Extracting Date and Time Components
One of the most frequent preprocessing steps is splitting a single datetime column into individual components such as year, month, day, hour, and minute. Pandas provides the .dt accessor on datetime Series for this purpose.
import pandas as pd
df = pd.DataFrame()
# Generate 6 timestamps spaced 2 hours apart
df["time"] = pd.date_range("2/5/2019", periods=6, freq="2h")

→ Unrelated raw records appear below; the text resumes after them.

Fixpoint n_internal (t : stree) : nat :=
  match t with
  | Leaf => 0
  | Node _ l r => (n_internal l + n_internal r).+1
  end.

Fixpoint trees_upto (h : nat) : seq stree :=
  match h with
  | 0 => [:: Leaf]
  | h'.+1 =>
      Leaf :: flatten [seq [seq Node s lr.1 lr.2
                              | lr <- [seq (l, r) | l <- trees_upto h',
                                                    r <- trees_upto h']]
                      | s <- [:: true; false]]
  end.

(* all trees with exactly n internal nodes (their height is <= n) *)
Definition trees_size (n : nat) : seq stree :=
  [seq t <- trees_upto n | n_internal t == n].

Local Open Scope ring_scope.

(* Law of the critical binary Bienayme-Galton-Watson tree with i.i.d. signs,
   P(+) = p: each vertex has 0 or 2 children with probability 1/2 each. *)
Fixpoint bgw_weight (R : realType) (p : R) (t : stree) : R :=
  match t with
  | Leaf => 2^-1
  | Node s l r =>
      2^-1 * (if s then p else 1 - p) * bgw_weight p l * bgw_weight p r
  end.

(* P(T satisfies P), summing over the (a.s. finite) tree by number of
   internal nodes: the limit of the partial sums of the series. *)
Definition bgw_prob (R : realType) (p : R) (P : stree -> bool) : R :=
  limn (series (fun n : nat => \sum_(t <- trees_size n | P t) bgw_weight p t)).

Definition q (R : realType) (p : R) (k : nat) : R :=
  bgw_prob p (fun t => LIS t == k).
Definition Q (R : realType) (p : R) (k : nat) : R :=
  bgw_prob p (fun t => (k <= LIS t)%N).

(* LIS is additive at (+)-nodes and maximal at (-)-nodes, and LIS(T) >= 1.
   Decomposing T at its root gives, for k >= 2,
     p Q(k) + (1 - p) Q(k)^2 = p \sum_(i < k) q(i) Q(k - i),
   i.e. \sum_(i < l) q(i) (Q(l - i) - Q(l)) = Q(l)^2 / p; in particular Q > 0.
   If Q(2m) <= 2/3 Q(m) for infinitely many m, summing this identity over
   m <= l < 3m bounds \sum_(i < m) i q(i) by (6/p) m Q(m). Otherwise l Q(l)
   grows by a factor 4/3 along l = 2^k M, so it eventually dominates
   \sum_(j < l) Q(j) = \sum_(i < l) i q(i) + (l - 1) Q(l).
   The probabilities are limits of sums over trees of height <= h, for which
   the root decomposition is a finite identity. *)

From HB Require Import structures.
From mathcomp Require Import all_boot all_order all_algebra.
From mathcomp Require Import all_classical all_reals all_analysis.
From mathcomp Require Import zify ring lra.
Import Order.TTheory GRing.Theory Num.Theory numFieldNormedType.Exports.
Set Implicit Arguments. Unset Strict Implicit. Unset Printing Implicit Defensive.

(** * Enumeration of trees and a recursion for LIS *)

Fixpoint stree_eqb (t u : stree) : bool :=
  match t, u with
  | Leaf, Leaf => true
  | Node s l r, Node s' l' r' => [&& s == s', stree_eqb l l' & stree_eqb r r']
  | _, _ => false
  end.

Lemma stree_eqP : Equality.axiom stree_eqb.
Proof.
elim=> [|s l IHl r IHr] [|s' l' r'] /=; try by constructor.
case: eqP => [<-|ne]; last by constructor=> -[].
case: IHl => [<-|ne]; last by constructor=> -[].
by case: IHr => [<-|ne]; constructor=> // -[].
Qed.

HB.instance Definition _ := hasDecEq.Build stree stree_eqP.

Fixpoint height (t : stree) : nat :=
  if t is Node _ l r then (maxn (height l) (height r)).+1 else 0.

Definition tree_pairs (h : nat) : seq (stree * stree) :=
  [seq (l, r) | l <- trees_upto h, r <- trees_upto h].

Definition nodes_of (s : bool) (h : nat) : seq stree :=
  [seq Node s lr.1 lr.2 | lr <- tree_pairs h].

Lemma trees_uptoS h : trees_upto h.+1 = Leaf :: nodes_of true h ++ nodes_of false h.
Proof. by rewrite /= cats0. Qed.

Lemma mem_nodes_of s h t :
  (t \in nodes_of s h) =
  if t is Node s' l r then [&& s' == s, l \in trees_upto h & r \in trees_upto h]
  else false.
Proof.
case: t => [|s' l r]; first by apply/mapP => -[[]].
apply/mapP/and3P => [[[a b] /allpairsP [[? ?] /= [? ? [-> ->]]] [-> -> ->]]//|].
by case=> /eqP -> hl hr; exists (l, r) => //; apply/allpairsP; exists (l, r).
Qed.

Lemma mem_trees_upto h t : (t \in trees_upto h) = (height t <= h)%N.
Proof.
elim: h t => [|h IH] [|s l r] //.
rewrite trees_uptoS inE mem_cat !mem_nodes_of !IH ltnS geq_max.
by case: s; rewrite /= ?orbF.
Qed.

Lemma uniq_trees_upto h : uniq (trees_upto h).
Proof.
elim: h => [//|h IH]; rewrite trees_uptoS /= cat_uniq mem_cat !mem_nodes_of /=.
have Node_inj s : injective (fun lr : stree * stree => Node s lr.1 lr.2).
  by move=> [a b] [c d] [-> ->].
rewrite !(map_inj_uniq (Node_inj _)) allpairs_uniq //=; last first.
  by move=> [a b] [c d] _ _ [-> ->].
by rewrite andbT; apply/hasPn => _ /mapP [[a b] _ ->]; rewrite mem_nodes_of.
Qed.

Lemma height_le_n_internal t : (height t <= n_internal t)%N.
Proof. by elim: t => [|s l IHl r IHr] //=; rewrite ltnS geq_max; lia. Qed.

Lemma n_internal_lt_exp_height t : (n_internal t < 2 ^ height t)%N.
Proof.
elim: t => [|s l IHl r IHr] //=.
have hl : (2 ^ height l <= 2 ^ maxn (height l) (height r))%N.
  by rewrite leq_exp2l // leq_maxl.
have hr : (2 ^ height r <= 2 ^ maxn (height l) (height r))%N.
  by rewrite leq_exp2l // leq_maxr.
rewrite expnS; lia.
Qed.

Fixpoint lis (t : stree) : nat :=
  match t with
  | Leaf => 1
  | Node true l r => lis l + lis r
  | Node false l r => maxn (lis l) (lis r)
  end.

Lemma lis_ge1 t : (1 <= lis t)%N.
Proof. by elim: t => [|[] l IHl r IHr] //=; [lia | rewrite leq_max IHl]. Qed.

Lemma allrel_const (c : bool) (a b : seq (seq bool)) :
  allrel (fun _ _ => c) a b = [|| c, nilp a | nilp b].
Proof.
case: c; first exact/allrelP.
by case: a => [|x a]; case: b => [|y b] //=; rewrite allrel0r.
Qed.

Lemma plus_set_Node s l r a b :
  plus_set (Node s l r) (map (cons false) a ++ map (cons true) b) =
  [&& [|| s, nilp a | nilp b], plus_set l a & plus_set r b].
Proof.
rewrite /plus_set pairwise_cat !pairwise_map allrel_mapl allrel_mapr /=.
by rewrite (_ : allrel _ a b = allrel (fun _ _ => s) a b) ?allrel_const //; case: s.
Qed.

Lemma mask_leaves_Node s l r m1 m2 :
  size m1 = size (leaves l) ->
  mask (m1 ++ m2) (leaves (Node s l r)) =
  map (cons false) (mask m1 (leaves l)) ++ map (cons true) (mask m2 (leaves r)).
Proof. by move=> h1; rewrite /= mask_cat ?size_map // -!map_mask. Qed.

Lemma plus_set_count_le_lis t m :
  size m = size (leaves t) -> plus_set t (mask m (leaves t)) ->
  (count id m <= lis t)%N.
Proof.
elim: t m => [|s l IHl r IHr] m /=; first by case: m => [|[] []].
rewrite size_cat !size_map => hm.
set k := size (leaves l).
have hml : size (take k m) = k by rewrite size_takel // hm leq_addr.
have hmr : size (drop k m) = size (leaves r) by rewrite size_drop; lia.
rewrite -(cat_take_drop k m) (@mask_leaves_Node s l r _ (drop k m) hml).
rewrite plus_set_Node count_cat.
case/and3P => hs /(IHl _ hml) hcl /(IHr _ hmr) hcr.
case: s hs => /= hs; first lia.
by move: hs; rewrite /nilp !size_mask // => /orP [] /eqP ->; lia.
Qed.

Lemma exists_plus_set_lis t : exists2 m,
  size m = size (leaves t) & plus_set t (mask m (leaves t)) && (count id m == lis t).
Proof.
elim: t => [|s l [ml hsl /andP [hl /eqP hcl]] r [mr hsr /andP [hr /eqP hcr]]].
  by exists [:: true].
have size_cat_leaves m1 m2 : size m1 = size (leaves l) -> size m2 = size (leaves r) ->
    size (m1 ++ m2) = size (leaves (Node s l r)).
  by move=> h1 h2; rewrite size_cat /= size_cat !size_map h1 h2.
case: s size_cat_leaves => [|] size_cat_leaves.
  exists (ml ++ mr); first exact: size_cat_leaves.
  by rewrite (@mask_leaves_Node _ _ _ _ _ hsl) plus_set_Node hl hr count_cat hcl hcr /=.
have [hlr|hlr] := leqP (lis r) (lis l).
  exists (ml ++ nseq (size (leaves r)) false); first by rewrite size_cat_leaves ?size_nseq.
  rewrite (@mask_leaves_Node _ _ _ _ _ hsl) mask_false plus_set_Node hl orbT /=.
  by rewrite count_cat hcl count_nseq mul0n addn0; apply/eqP; lia.
exists (nseq (size (leaves l)) false ++ mr); first by rewrite size_cat_leaves ?size_nseq.
rewrite mask_leaves_Node ?size_nseq // mask_false plus_set_Node hr /=.
by rewrite count_cat hcr count_nseq mul0n; apply/eqP; lia.
Qed.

# Extract individual datetime components
df["year"] = df["time"].dt.year
df["month"] = df["time"].dt.month
df["day"] = df["time"].dt.day
df["hour"] = df["time"].dt.hour
df["minute"] = df["time"].dt.minute
print(df)
Output:
time year month day hour minute
0 2019-02-05 00:00:00 2019 2 5 0 0
1 2019-02-05 02:00:00 2019 2 5 2 0
2 2019-02-05 04:00:00 2019 2 5 4 0
3 2019-02-05 06:00:00 2019 2 5 6 0
4 2019-02-05 08:00:00 2019 2 5 8 0
5 2019-02-05 10:00:00 2019 2 5 10 0
The .dt accessor provides many more properties beyond the ones shown above. Some useful ones include:
df["time"].dt.second- secondsdf["time"].dt.day_of_week- day of the week as an integer (Monday=0, Sunday=6)df["time"].dt.day_name()- full day name (e.g., "Monday")df["time"].dt.quarter- quarter of the year (1–4)df["time"].dt.is_month_end- whether the date is the last day of the month
Converting Strings to Timestamps
Real-world datasets often store dates as strings in various formats. Use pd.to_datetime() to parse these strings into proper Timestamp objects that Pandas can work with.
import numpy as np
import pandas as pd
# Date strings in a non-standard format
date_strings = np.array([
"04-03-2019 12:35 PM",
"22-06-2017 11:01 AM",
"05-09-2009 07:09 PM",
])
# Convert to datetime using the correct format string
timestamps = pd.to_datetime(date_strings, format="%d-%m-%Y %I:%M %p")
print(timestamps)
Output:
DatetimeIndex(['2019-03-04 12:35:00', '2017-06-22 11:01:00',
'2009-09-05 19:09:00'],
dtype='datetime64[ns]', freq=None)
Common Mistake: Wrong Format String
If your format string does not match the actual date pattern, pd.to_datetime() will either raise an error or produce incorrect results.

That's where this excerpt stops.